▶ **Problem requirements**
Each line below that includes the word "field" is to be reported.
##########
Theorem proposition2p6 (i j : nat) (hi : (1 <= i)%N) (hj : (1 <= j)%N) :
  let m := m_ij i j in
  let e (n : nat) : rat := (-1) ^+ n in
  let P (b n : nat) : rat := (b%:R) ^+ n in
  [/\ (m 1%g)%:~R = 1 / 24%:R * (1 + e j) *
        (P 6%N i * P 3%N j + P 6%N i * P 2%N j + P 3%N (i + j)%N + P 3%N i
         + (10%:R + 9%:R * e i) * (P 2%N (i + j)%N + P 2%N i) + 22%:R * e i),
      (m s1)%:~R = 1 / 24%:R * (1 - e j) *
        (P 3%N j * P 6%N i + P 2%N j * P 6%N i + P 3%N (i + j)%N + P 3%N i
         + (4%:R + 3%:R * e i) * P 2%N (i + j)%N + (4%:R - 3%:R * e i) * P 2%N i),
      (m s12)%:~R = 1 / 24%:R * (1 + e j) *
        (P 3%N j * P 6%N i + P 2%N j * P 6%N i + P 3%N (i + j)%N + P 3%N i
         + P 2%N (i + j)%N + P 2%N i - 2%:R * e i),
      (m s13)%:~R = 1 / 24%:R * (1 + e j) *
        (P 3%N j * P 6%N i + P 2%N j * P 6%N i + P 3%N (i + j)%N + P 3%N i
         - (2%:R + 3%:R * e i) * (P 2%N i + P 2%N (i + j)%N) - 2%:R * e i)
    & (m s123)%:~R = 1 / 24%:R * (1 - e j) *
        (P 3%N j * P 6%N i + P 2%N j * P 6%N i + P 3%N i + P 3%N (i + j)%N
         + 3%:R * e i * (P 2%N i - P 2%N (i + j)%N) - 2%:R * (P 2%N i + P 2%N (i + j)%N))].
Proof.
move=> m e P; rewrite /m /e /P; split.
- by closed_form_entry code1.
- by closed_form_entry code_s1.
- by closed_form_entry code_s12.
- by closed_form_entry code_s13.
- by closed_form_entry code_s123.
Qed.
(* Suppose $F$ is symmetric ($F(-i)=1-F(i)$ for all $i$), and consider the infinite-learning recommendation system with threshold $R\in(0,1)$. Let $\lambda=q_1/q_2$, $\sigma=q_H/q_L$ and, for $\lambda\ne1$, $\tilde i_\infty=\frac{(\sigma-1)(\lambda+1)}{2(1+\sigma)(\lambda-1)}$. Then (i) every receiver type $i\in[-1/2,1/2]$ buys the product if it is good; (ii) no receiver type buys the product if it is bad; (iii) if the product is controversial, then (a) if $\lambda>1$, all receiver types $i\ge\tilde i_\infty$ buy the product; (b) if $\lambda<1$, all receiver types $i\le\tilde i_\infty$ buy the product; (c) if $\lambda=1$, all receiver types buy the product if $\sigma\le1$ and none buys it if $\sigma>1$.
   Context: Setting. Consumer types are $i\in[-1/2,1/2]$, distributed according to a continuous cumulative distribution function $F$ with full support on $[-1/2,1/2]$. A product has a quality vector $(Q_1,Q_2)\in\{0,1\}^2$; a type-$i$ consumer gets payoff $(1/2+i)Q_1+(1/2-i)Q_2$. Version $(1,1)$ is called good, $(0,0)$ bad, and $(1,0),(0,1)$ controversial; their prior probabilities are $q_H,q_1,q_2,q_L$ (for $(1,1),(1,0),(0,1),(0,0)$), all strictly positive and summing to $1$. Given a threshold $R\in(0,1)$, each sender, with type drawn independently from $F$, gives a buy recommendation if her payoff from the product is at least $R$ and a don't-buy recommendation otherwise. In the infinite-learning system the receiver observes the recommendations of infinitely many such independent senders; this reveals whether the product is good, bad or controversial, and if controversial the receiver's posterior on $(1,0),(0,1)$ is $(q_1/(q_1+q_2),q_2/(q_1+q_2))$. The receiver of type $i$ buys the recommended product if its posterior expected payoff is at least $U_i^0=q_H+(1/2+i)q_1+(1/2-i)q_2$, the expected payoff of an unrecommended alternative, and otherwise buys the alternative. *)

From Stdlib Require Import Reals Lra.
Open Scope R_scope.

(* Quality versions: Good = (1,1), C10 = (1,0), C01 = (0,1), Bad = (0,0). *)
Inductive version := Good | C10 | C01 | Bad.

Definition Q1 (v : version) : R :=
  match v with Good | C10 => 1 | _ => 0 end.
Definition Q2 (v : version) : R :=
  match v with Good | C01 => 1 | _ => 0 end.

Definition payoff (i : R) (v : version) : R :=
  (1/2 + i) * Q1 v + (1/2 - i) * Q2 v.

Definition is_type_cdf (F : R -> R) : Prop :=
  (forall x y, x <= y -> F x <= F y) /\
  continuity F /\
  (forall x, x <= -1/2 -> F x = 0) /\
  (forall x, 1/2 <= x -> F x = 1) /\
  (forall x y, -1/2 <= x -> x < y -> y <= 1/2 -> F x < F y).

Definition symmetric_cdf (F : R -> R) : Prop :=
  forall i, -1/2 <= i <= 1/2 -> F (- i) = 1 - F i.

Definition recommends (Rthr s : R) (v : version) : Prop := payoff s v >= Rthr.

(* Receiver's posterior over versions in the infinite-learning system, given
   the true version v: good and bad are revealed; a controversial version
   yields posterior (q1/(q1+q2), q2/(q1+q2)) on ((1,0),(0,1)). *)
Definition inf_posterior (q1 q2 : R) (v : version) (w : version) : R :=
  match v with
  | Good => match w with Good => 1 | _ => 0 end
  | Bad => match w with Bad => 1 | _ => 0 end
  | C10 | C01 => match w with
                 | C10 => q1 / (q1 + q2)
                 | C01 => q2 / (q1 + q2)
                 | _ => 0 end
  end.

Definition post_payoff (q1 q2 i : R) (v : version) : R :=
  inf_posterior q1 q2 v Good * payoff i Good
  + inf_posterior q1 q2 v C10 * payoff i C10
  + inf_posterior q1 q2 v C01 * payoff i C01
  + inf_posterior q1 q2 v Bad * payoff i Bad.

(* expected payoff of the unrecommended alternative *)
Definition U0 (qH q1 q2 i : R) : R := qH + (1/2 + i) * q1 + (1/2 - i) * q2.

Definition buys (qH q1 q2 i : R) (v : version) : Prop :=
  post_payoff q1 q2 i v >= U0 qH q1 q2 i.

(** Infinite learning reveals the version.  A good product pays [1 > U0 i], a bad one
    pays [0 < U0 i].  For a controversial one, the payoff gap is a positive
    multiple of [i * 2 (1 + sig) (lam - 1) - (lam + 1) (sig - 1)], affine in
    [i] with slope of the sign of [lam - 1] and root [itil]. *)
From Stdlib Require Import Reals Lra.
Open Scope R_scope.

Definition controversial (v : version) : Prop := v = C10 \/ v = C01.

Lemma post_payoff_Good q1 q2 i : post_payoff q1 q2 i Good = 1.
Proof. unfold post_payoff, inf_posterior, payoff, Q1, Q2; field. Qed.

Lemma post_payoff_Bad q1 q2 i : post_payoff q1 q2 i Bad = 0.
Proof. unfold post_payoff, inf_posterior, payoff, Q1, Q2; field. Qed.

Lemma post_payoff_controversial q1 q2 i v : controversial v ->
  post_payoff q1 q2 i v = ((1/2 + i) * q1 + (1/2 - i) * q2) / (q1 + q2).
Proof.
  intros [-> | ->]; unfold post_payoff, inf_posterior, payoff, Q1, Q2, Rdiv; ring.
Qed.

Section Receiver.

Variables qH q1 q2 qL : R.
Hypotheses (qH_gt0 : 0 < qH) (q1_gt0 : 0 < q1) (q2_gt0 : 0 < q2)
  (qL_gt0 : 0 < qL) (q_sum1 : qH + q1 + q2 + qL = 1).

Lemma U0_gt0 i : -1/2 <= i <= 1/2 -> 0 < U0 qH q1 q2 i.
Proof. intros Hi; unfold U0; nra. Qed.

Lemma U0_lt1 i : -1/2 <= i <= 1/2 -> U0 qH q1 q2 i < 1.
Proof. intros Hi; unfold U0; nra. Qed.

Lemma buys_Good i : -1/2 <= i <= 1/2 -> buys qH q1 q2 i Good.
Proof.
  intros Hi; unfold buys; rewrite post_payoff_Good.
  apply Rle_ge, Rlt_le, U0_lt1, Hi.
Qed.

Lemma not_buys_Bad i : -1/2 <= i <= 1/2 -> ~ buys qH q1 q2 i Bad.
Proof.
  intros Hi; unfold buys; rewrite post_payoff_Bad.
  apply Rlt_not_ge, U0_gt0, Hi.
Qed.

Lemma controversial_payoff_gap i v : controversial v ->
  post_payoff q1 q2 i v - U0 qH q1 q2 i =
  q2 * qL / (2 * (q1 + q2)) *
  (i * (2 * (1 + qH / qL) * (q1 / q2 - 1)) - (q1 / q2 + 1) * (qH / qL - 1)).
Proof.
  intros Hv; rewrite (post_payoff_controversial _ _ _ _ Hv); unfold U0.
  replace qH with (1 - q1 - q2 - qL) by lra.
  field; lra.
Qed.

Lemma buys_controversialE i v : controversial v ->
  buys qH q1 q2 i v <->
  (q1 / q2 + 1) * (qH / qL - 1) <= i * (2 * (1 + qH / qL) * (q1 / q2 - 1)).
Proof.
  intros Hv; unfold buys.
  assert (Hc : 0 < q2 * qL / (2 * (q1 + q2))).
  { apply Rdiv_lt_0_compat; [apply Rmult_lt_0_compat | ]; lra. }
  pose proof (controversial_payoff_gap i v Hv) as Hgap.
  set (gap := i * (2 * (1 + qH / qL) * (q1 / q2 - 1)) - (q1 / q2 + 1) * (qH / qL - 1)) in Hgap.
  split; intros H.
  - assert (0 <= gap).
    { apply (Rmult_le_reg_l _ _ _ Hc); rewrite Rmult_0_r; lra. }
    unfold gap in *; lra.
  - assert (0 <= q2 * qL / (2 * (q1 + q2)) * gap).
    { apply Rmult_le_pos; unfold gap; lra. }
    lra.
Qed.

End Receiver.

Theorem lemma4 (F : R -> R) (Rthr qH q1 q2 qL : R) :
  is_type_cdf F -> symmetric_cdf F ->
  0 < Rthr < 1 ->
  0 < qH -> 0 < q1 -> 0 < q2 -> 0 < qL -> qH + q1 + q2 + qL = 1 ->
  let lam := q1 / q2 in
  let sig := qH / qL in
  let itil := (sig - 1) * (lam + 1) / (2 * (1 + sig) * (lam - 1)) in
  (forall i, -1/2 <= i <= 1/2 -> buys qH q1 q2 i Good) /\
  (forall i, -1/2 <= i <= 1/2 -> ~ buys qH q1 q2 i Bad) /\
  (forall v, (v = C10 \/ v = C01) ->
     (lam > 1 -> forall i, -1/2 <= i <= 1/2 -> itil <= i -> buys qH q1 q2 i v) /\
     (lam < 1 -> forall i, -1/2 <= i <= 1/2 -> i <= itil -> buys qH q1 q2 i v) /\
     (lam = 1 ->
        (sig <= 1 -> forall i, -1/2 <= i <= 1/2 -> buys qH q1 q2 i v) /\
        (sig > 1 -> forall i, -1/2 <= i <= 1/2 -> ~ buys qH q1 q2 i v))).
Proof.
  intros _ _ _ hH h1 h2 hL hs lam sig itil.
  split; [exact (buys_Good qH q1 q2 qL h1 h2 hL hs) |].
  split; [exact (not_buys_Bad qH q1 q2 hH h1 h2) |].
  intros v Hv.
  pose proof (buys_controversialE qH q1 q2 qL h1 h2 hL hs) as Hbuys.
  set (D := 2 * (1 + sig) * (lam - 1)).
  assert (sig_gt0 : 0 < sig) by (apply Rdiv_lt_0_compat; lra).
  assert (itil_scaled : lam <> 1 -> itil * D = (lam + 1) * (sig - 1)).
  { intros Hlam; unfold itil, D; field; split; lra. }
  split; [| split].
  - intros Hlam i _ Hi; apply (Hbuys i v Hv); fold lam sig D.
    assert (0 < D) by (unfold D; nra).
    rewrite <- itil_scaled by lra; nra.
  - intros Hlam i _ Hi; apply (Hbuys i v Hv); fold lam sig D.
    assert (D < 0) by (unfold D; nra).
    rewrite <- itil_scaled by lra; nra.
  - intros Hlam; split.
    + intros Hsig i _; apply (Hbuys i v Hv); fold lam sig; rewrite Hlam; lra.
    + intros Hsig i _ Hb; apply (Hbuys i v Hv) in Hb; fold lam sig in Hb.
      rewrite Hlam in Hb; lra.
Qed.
##########
▶ **Exercise result**
Proof. unfold post_payoff, inf_posterior, payoff, Q1, Q2; field. Qed.
Proof. unfold post_payoff, inf_posterior, payoff, Q1, Q2; field. Qed.
  field; lra.
  { intros Hlam; unfold itil, D; field; split; lra. }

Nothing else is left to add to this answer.